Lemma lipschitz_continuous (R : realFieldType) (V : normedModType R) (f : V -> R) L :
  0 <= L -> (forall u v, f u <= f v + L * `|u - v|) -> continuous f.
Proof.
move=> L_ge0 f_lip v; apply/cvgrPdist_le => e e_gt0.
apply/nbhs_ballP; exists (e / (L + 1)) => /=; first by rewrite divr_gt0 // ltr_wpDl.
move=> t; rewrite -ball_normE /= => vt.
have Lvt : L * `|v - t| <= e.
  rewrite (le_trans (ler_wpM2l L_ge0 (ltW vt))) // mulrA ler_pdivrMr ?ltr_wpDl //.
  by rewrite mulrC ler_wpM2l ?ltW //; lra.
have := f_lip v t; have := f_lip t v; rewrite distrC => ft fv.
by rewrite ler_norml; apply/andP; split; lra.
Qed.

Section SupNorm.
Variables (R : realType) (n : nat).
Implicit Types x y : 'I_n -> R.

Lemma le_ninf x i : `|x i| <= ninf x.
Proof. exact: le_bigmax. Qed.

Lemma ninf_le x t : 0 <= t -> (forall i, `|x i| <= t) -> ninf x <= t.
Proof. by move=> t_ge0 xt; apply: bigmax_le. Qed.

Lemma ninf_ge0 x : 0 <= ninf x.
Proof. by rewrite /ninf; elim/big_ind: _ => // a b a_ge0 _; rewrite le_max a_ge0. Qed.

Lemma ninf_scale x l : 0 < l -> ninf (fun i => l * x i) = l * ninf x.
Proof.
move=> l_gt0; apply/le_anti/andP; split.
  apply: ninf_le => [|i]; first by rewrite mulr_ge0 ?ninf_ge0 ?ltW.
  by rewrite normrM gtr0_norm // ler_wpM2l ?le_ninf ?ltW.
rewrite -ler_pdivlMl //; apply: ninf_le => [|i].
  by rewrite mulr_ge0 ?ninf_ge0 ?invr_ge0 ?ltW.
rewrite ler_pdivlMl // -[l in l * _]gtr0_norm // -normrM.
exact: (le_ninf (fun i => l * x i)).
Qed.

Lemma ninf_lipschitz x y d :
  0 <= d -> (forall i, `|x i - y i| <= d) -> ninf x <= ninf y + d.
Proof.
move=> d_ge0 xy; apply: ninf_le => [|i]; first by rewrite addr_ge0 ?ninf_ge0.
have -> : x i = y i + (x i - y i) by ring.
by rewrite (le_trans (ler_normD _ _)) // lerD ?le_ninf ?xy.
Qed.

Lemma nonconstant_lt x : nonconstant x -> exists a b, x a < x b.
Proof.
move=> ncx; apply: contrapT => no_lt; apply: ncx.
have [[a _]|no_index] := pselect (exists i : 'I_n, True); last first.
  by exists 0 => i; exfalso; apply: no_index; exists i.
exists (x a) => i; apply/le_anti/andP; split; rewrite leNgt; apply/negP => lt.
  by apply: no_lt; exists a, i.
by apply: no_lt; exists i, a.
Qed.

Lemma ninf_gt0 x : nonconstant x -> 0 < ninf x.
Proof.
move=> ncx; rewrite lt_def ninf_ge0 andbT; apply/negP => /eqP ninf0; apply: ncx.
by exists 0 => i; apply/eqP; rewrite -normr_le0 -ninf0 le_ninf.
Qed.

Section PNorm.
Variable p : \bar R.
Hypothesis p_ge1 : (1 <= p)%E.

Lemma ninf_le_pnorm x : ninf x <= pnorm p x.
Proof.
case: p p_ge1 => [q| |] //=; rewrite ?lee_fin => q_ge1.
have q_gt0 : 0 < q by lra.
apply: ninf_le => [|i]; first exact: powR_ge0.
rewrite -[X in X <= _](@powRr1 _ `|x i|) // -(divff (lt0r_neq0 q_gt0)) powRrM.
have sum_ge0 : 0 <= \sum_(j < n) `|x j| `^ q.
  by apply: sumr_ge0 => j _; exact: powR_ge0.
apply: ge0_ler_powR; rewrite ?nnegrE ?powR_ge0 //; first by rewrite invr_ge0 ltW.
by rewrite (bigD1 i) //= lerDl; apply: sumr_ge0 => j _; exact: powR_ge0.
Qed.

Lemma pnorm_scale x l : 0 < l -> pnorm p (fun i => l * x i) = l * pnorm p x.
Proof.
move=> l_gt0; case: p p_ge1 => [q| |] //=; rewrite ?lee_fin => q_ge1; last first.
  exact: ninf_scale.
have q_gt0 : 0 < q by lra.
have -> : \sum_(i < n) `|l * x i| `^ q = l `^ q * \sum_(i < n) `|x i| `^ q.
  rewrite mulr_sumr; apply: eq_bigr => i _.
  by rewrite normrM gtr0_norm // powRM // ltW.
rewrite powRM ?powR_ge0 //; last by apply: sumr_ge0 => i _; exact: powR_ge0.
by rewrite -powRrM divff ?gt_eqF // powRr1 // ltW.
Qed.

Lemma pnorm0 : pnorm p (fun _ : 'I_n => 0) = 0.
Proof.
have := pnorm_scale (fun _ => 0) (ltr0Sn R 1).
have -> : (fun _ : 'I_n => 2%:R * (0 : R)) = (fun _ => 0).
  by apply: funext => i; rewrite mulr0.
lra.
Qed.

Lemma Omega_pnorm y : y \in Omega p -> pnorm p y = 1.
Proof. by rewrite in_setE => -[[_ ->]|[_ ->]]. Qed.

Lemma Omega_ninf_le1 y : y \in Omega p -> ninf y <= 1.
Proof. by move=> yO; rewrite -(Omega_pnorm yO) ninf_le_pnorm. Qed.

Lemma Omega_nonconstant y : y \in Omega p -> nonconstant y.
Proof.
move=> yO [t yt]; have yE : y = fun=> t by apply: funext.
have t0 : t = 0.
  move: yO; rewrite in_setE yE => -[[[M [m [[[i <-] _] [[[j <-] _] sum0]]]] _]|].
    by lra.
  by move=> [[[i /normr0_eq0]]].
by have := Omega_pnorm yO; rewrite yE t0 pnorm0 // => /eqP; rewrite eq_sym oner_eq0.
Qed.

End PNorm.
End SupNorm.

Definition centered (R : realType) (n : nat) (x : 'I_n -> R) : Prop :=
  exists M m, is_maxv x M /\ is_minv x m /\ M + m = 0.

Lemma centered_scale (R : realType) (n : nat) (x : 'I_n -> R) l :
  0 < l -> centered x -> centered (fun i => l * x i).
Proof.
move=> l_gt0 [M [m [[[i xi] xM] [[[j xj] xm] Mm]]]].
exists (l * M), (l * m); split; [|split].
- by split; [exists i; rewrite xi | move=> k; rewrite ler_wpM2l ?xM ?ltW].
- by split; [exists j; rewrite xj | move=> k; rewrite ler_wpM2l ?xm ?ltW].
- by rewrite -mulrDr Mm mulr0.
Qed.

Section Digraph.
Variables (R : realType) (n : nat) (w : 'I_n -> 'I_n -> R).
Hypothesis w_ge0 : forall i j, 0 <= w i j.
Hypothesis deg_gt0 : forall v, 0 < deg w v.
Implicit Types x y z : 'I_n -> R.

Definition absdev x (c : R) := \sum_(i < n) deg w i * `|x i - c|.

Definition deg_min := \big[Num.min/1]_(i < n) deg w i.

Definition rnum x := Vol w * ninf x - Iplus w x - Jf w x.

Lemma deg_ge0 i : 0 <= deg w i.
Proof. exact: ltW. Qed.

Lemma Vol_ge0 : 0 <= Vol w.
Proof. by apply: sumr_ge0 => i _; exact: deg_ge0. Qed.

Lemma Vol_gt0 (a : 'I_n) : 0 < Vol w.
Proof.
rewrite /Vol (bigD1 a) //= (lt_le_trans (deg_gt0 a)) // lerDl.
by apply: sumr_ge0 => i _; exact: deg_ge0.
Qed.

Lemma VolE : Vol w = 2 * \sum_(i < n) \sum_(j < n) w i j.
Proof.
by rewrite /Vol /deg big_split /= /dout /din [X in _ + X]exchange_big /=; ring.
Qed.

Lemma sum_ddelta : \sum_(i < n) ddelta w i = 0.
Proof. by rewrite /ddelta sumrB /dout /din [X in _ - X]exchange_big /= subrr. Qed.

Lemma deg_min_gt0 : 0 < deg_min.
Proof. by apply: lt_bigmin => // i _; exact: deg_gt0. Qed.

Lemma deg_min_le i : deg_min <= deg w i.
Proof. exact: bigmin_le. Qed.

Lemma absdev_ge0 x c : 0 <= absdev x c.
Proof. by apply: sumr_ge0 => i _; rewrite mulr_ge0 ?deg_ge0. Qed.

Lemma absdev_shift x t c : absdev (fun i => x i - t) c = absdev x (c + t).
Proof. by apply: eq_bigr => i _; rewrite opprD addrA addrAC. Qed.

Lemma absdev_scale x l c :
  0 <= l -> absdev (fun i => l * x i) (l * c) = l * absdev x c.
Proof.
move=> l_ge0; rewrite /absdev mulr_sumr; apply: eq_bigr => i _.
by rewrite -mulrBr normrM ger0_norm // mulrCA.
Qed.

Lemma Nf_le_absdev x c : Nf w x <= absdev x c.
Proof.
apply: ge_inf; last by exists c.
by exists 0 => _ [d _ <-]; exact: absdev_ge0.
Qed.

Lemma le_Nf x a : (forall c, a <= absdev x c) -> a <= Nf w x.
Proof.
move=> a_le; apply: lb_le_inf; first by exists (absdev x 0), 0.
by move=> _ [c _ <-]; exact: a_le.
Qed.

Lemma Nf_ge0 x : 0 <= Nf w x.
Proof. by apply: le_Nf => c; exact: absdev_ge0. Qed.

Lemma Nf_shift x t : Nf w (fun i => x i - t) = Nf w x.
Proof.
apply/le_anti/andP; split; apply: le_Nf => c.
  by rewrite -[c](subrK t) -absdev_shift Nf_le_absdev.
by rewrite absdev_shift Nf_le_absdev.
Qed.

Work to be completed - An exact copy of the lines above between the line holding "exists (x a)" and the line holding "by move=> [[[i /normr0_eq0]]].", inclusive, is the whole answer.

Reply to the exercise -
exists (x a) => i; apply/le_anti/andP; split; rewrite leNgt; apply/negP => lt.
  by apply: no_lt; exists a, i.
by apply: no_lt; exists i, a.
Qed.

Lemma ninf_gt0 x : nonconstant x -> 0 < ninf x.
Proof.
move=> ncx; rewrite lt_def ninf_ge0 andbT; apply/negP => /eqP ninf0; apply: ncx.
by exists 0 => i; apply/eqP; rewrite -normr_le0 -ninf0 le_ninf.
Qed.

Section PNorm.
Variable p : \bar R.
Hypothesis p_ge1 : (1 <= p)%E.

Lemma ninf_le_pnorm x : ninf x <= pnorm p x.
Proof.
case: p p_ge1 => [q| |] //=; rewrite ?lee_fin => q_ge1.
have q_gt0 : 0 < q by lra.
apply: ninf_le => [|i]; first exact: powR_ge0.
rewrite -[X in X <= _](@powRr1 _ `|x i|) // -(divff (lt0r_neq0 q_gt0)) powRrM.
have sum_ge0 : 0 <= \sum_(j < n) `|x j| `^ q.
  by apply: sumr_ge0 => j _; exact: powR_ge0.
apply: ge0_ler_powR; rewrite ?nnegrE ?powR_ge0 //; first by rewrite invr_ge0 ltW.
by rewrite (bigD1 i) //= lerDl; apply: sumr_ge0 => j _; exact: powR_ge0.
Qed.

Lemma pnorm_scale x l : 0 < l -> pnorm p (fun i => l * x i) = l * pnorm p x.
Proof.
move=> l_gt0; case: p p_ge1 => [q| |] //=; rewrite ?lee_fin => q_ge1; last first.
  exact: ninf_scale.
have q_gt0 : 0 < q by lra.
have -> : \sum_(i < n) `|l * x i| `^ q = l `^ q * \sum_(i < n) `|x i| `^ q.
  rewrite mulr_sumr; apply: eq_bigr => i _.
  by rewrite normrM gtr0_norm // powRM // ltW.
rewrite powRM ?powR_ge0 //; last by apply: sumr_ge0 => i _; exact: powR_ge0.
by rewrite -powRrM divff ?gt_eqF // powRr1 // ltW.
Qed.

Lemma pnorm0 : pnorm p (fun _ : 'I_n => 0) = 0.
Proof.
have := pnorm_scale (fun _ => 0) (ltr0Sn R 1).
have -> : (fun _ : 'I_n => 2%:R * (0 : R)) = (fun _ => 0).
  by apply: funext => i; rewrite mulr0.
lra.
Qed.

Lemma Omega_pnorm y : y \in Omega p -> pnorm p y = 1.
Proof. by rewrite in_setE => -[[_ ->]|[_ ->]]. Qed.

Lemma Omega_ninf_le1 y : y \in Omega p -> ninf y <= 1.
Proof. by move=> yO; rewrite -(Omega_pnorm yO) ninf_le_pnorm. Qed.

Lemma Omega_nonconstant y : y \in Omega p -> nonconstant y.
Proof.
move=> yO [t yt]; have yE : y = fun=> t by apply: funext.
have t0 : t = 0.
  move: yO; rewrite in_setE yE => -[[[M [m [[[i <-] _] [[[j <-] _] sum0]]]] _]|].
    by lra.
  by move=> [[[i /normr0_eq0]]].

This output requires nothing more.